• **EXERCISE PROMPT**: Your response should consist solely of the lines from the one containing "Definition density (n" through the final line of the entries, repeated exactly.

(Dataset entries)
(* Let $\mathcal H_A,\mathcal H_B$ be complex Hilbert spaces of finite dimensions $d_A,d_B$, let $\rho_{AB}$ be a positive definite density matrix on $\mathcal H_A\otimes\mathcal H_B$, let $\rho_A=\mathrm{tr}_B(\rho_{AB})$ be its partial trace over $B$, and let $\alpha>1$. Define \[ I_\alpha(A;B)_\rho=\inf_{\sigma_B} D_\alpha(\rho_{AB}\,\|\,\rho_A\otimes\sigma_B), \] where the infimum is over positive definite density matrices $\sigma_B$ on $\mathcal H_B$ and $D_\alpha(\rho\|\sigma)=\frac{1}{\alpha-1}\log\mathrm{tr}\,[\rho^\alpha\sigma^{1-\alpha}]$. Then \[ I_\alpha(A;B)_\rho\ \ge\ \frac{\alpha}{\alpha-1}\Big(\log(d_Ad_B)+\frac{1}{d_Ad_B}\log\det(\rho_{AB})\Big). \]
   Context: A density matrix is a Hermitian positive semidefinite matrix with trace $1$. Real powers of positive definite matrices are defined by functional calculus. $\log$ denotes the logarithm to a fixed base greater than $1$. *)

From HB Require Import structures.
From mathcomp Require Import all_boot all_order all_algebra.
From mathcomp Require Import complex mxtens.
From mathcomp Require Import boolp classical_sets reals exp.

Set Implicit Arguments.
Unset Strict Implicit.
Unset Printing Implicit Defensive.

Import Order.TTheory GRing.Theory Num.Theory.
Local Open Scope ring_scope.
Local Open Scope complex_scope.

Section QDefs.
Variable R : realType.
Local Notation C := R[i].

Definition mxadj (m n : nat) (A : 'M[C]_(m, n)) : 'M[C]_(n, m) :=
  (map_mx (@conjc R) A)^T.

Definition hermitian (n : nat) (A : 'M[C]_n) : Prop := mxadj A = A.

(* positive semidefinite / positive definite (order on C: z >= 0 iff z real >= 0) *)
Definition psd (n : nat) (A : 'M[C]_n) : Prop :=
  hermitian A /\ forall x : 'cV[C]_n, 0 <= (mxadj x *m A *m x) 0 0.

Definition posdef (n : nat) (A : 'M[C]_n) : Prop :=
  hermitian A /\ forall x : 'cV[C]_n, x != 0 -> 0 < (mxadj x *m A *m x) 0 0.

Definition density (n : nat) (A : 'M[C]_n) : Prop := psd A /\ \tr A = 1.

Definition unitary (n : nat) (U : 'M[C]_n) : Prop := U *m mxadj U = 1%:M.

• **EXERCISE SOLUTION**:
Definition density (n : nat) (A : 'M[C]_n) : Prop := psd A /\ \tr A = 1.

Definition unitary (n : nat) (U : 'M[C]_n) : Prop := U *m mxadj U = 1%:M.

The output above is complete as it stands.